LAU joins Lebanon’s oil and gas revolution
As Lebanon prepares to instigate oil exploration off its coast, LAU is opening its doors this fall to students of a new undergraduate program in Petroleum Engineering.
“Lebanon is about to join the club of oil and gas producing countries. This is neither a joke nor a dream, rather a recently discovered reality, proven by seismic 3D surveys off the Lebanese coast,” explains Dr. Jean Chatila, associate professor and chair of LAU’s Department of Civil Engineering, and chair of the committee that developed the new program and its curriculum.
“Globally, hydrocarbon fuels have experienced very high demand in recent decades and prices soared in the last few years. As a result, job opportunities have opened up in the oil and gas industry,” explains Chatila, who notes that a lack of skilled petroleum engineers has led many companies to offer additional training to graduates of other engineering disciplines.
Demand, says Chatila, is also likely to soar in Lebanon. “Press reports suggest that twenty-seven companies have bought seismic surveys of the country’s coastal waters and several have expressed interest in drilling. There is a high possibility of very promising commercial quantities of gas; quantities that are encouraging enough to probably cover Lebanon’s national debt.”
There are no official estimates of the true value of Lebanon’s oil and gas reserves, however, studies performed by the Ministry of Energy and Water with the assistance of prominent experts revealed that estimates valued them in the tens of billions of dollars.
And while the minister for energy and water enthused over the promise of Lebanon’s status as a major oil and gas player in the region, so too were students of LAU about the prospect of a new program specialized in the field.

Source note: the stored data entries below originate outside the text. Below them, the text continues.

Lemma eq_gauge {n} (x y : Hpt n) :
  znormsq x = znormsq y -> ht x ^ 2 = ht y ^ 2 -> gauge x = gauge y.
Proof. by move=> eS eT; rewrite /gauge eS eT. Qed.

Lemma gauge_dil {n} l (x : Hpt n) : 0 <= l -> gauge (dil l x) = l * gauge x.
Proof.
move=> hl; have [hN4 hSN] := gauge_eqn x; have hN := gauge_ge0 x.
have eS : znormsq (dil l x) = l ^ 2 * znormsq x.
{ by apply: rsum_scale => j /=; ring. }
apply: gauge_unique; rewrite ?eS; cbn [ht dil].
- exact: Rmult_le_pos.
- by rewrite Rpow_mult_distr; apply: Rmult_le_compat_l => //; apply: pow_le.
- have -> : (l * gauge x) ^ 4 = l ^ 4 * gauge x ^ 4 by ring.
  rewrite hN4; ring.
Qed.

Lemma hdistC {n} (x y : Hpt n) : hdist x y = hdist y x.
Proof.
apply: eq_gauge; first by apply: eq_rsum => j /=; ring.
have E : imdot x (hinv y) = -1 * imdot y (hinv x) by apply: rsum_scale => j /=; ring.
by rewrite /= E; ring.
Qed.

Lemma hdist_x0 {n} (p : Hpt n) : hdist p (H0 n) = gauge p.
Proof.
apply: eq_gauge; first by apply: eq_rsum => j /=; ring.
have E : imdot p (hinv (H0 n)) = 0 * imdot p p by apply: rsum_scale => j /=; ring.
by rewrite /= E; ring.
Qed.

Lemma hdist_0x {n} (p : Hpt n) : hdist (H0 n) p = gauge p.
Proof. by rewrite hdistC hdist_x0. Qed.

Lemma imdotC {n} (u v : Hpt n) : imdot v u = - imdot u v.
Proof.
have -> : imdot v u = -1 * imdot u v by apply: rsum_scale => j /=; ring.
ring.
Qed.

Lemma amgm_weighted k u v : 0 < k -> 2 * u * v <= k * u ^ 2 + / k * v ^ 2.
Proof.
move=> hk.
have -> : k * u ^ 2 + / k * v ^ 2 = 2 * u * v + / k * (k * u - v) ^ 2.
{ by field; exact: Rgt_not_eq. }
have : 0 <= / k * (k * u - v) ^ 2.
{ by apply: Rmult_le_pos; [apply/Rlt_le/Rinv_0_lt_compat | apply: pow2_ge_0]. }
lra.
Qed.

Lemma znormsq_hmul_le {n} (u v : Hpt n) k : 0 < k ->
  znormsq (hmul u v) <= (1 + k) * znormsq u + (1 + / k) * znormsq v.
Proof.
move=> hk; rewrite /znormsq -!rsumZ -rsumD; apply: rsum_le => j /=.
by have := amgm_weighted k (hx u j) (hx v j) hk; have := amgm_weighted k (hy u j) (hy v j) hk; nra.
Qed.

Lemma imdot_le {n} (u v : Hpt n) k : 0 < k ->
  imdot u v <= / 2 * (k * znormsq u + / k * znormsq v).
Proof.
move=> hk; rewrite /imdot /znormsq -!rsumZ -rsumD -rsumZ; apply: rsum_le => j /=.
by have := amgm_weighted k (hx u j) (hy v j) hk; have := amgm_weighted k (- hy u j) (hx v j) hk; nra.
Qed.

Lemma Rabs_imdot_le {n} (u v : Hpt n) k : 0 < k ->
  Rabs (imdot u v) <= / 2 * (k * znormsq u + / k * znormsq v).
Proof.
move=> hk; apply: Rabs_le; split; last exact: imdot_le.
have := imdot_le v u (/ k) (Rinv_0_lt_compat _ hk); rewrite Rinv_inv imdotC; lra.
Qed.

(* [Sv], [Tv] and [Sw], [Tw] are [|z|^2] and [tau] of [v] and of [w = u v], where
   [gauge u <= a] and [gauge v <= b]. *)
Lemma quasi_triangle_arith a b Sv Tv Sw Tw : 0 < a -> a <= b -> 0 <= Sv ->
  Sv * b ^ 2 + Tv ^ 2 <= b ^ 4 -> Sw <= Sv + 2 * a * b + a ^ 2 ->
  Rabs (Tw - Tv) <= a ^ 2 + a * b / 2 ->
  Sw * (b + 5 * a) ^ 2 + Tw ^ 2 <= (b + 5 * a) ^ 4.
Proof.
move=> ha hab hSv hv hSw hT.
set E := a ^ 2 + a * b / 2 in hT; set rho := b + 5 * a.
have hab0 : 0 < a * b by nra.
have hrho : rho ^ 2 - b ^ 2 = 10 * a * b + 25 * a ^ 2 by rewrite /rho; ring.
have hbrho : b ^ 2 <= rho ^ 2 by nra.
have habrho : a * b <= rho ^ 2 by nra.
have hE0 : 0 <= E by rewrite /E; nra.
have hE : E <= 3 / 2 * (a * b) by rewrite /E; nra.
have hTv2 : 0 <= Tv ^ 2 by apply: pow2_ge_0.
have hSvb : Sv <= b ^ 2.
{ apply: (Rmult_le_reg_r (b ^ 2)); first nra.
  have -> : b ^ 2 * b ^ 2 = b ^ 4 by ring.
  lra. }
have hTv : Rabs Tv <= b ^ 2.
{ apply: Rabs_le; split; nra. }
have hTw : Tw ^ 2 <= Tv ^ 2 + 2 * b ^ 2 * E + E ^ 2.
{ have : Rabs Tw <= Rabs Tv + E.
  { have := Rabs_triang (Tw - Tv) Tv; have -> : Tw - Tv + Tv = Tw by ring.
    lra. }
  rewrite -(pow2_abs Tw) -(pow2_abs Tv); have := Rabs_pos Tw; have := Rabs_pos Tv.
  nra. }
have hSvrho : Sv * rho ^ 2 + Tv ^ 2 <= b ^ 2 * rho ^ 2.
{ have : Sv * (rho ^ 2 - b ^ 2) <= b ^ 2 * (rho ^ 2 - b ^ 2) by apply: Rmult_le_compat_r; nra.
  nra. }
have hbE : 2 * b ^ 2 * E <= 3 * (a * b) * rho ^ 2.
{ have : b ^ 2 * E <= rho ^ 2 * (3 / 2 * (a * b)) by apply: Rmult_le_compat; nra.
  lra. }
have hE2 : E ^ 2 <= 9 / 4 * (a * b) * rho ^ 2.
{ have : E ^ 2 <= (3 / 2 * (a * b)) ^ 2 by apply: pow_incr; split; nra.
  nra. }
have hab2 : (2 * a * b + a ^ 2) * rho ^ 2 <= 3 * (a * b) * rho ^ 2 by apply: Rmult_le_compat_r; nra.
have -> : rho ^ 4 = rho ^ 2 * (b ^ 2 + (rho ^ 2 - b ^ 2)) by ring.
rewrite hrho.
have : Sw * rho ^ 2 <= (Sv + 2 * a * b + a ^ 2) * rho ^ 2 by apply: Rmult_le_compat_r; nra.
nra.
Qed.

Lemma gauge_hmul_le {n} (u v : Hpt n) a : 0 < a -> gauge u <= a ->
  gauge (hmul u v) <= Rmax a (gauge v) + 5 * a.
Proof.
move=> ha hua; have hab : a <= Rmax a (gauge v) := Rmax_l _ _.
have := Rmax_r a (gauge v); set b := Rmax a (gauge v) in hab * => hvb.
have hb : 0 < b by lra.
have [hu1 hu2] := (gauge_le_iff u a (Rlt_le _ _ ha)).1 hua.
have [hv1 hv2] := (gauge_le_iff v b (Rlt_le _ _ hb)).1 hvb.
have hSu := znormsq_ge0 u; have hSv := znormsq_ge0 v.
(* the weight [k] balances the cross terms: [k * a ^ 2 = b ^ 2 / k = a * b] *)
pose k := b / a.
have hk : 0 < k by apply: Rdiv_lt_0_compat.
have hkSu : k * znormsq u <= a * b.
{ have -> : a * b = k * a ^ 2 by rewrite /k; field; lra.
  by apply: Rmult_le_compat_l; lra. }
have hkSv : / k * znormsq v <= a * b.
{ have -> : a * b = / k * b ^ 2 by rewrite /k; field; lra.
  by apply: Rmult_le_compat_l; [apply/Rlt_le/Rinv_0_lt_compat | lra]. }
have hS : znormsq (hmul u v) <= znormsq v + 2 * a * b + a ^ 2.
{ have := znormsq_hmul_le u v k hk; lra. }
have hTu : Rabs (ht u) <= a ^ 2 by apply: Rabs_le; split; nra.
have hT : Rabs (ht (hmul u v) - ht v) <= a ^ 2 + a * b / 2.
{ have -> : ht (hmul u v) - ht v = ht u + / 2 * imdot u v by cbn [ht hmul]; ring.
  apply: Rle_trans (Rabs_triang _ _) _.
  rewrite Rabs_mult (Rabs_right (/ 2)); last lra.
  have := Rabs_imdot_le u v k hk; lra. }
apply/gauge_le_iff; first lra.
split; last exact: (quasi_triangle_arith a b (znormsq v) (ht v)).
have : (a + b) ^ 2 <= (b + 5 * a) ^ 2 by apply: pow_incr; lra.
lra.
Qed.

“While developing the degree we held a survey among current engineering students and found that there was huge interest in a new program in petroleum engineering,” says Chatila of the new bachelor’s.
The curriculum has been designed to build on existing engineering degrees while offering an in-depth insight into the various facets of the petroleum industry, including drilling, production, evaluation, transportation and storage, along with economic and environmental considerations. “Graduates will be prepared to enter both the private and public sectors or to pursue further education at the graduate level,” says Chatila, who envisions the introduction of a master’s program in petroleum engineering in the future.
The steering committee, which also includes associate professors Dr. Mahmoud Wazne, Dr. Michel Khoury and Dr. Barbar Akle, is also working on the development of a bachelor’s and a master’s degree in chemical engineering and a master’s degree in petroleum engineering, in addition to diplomas and continuing education initiatives.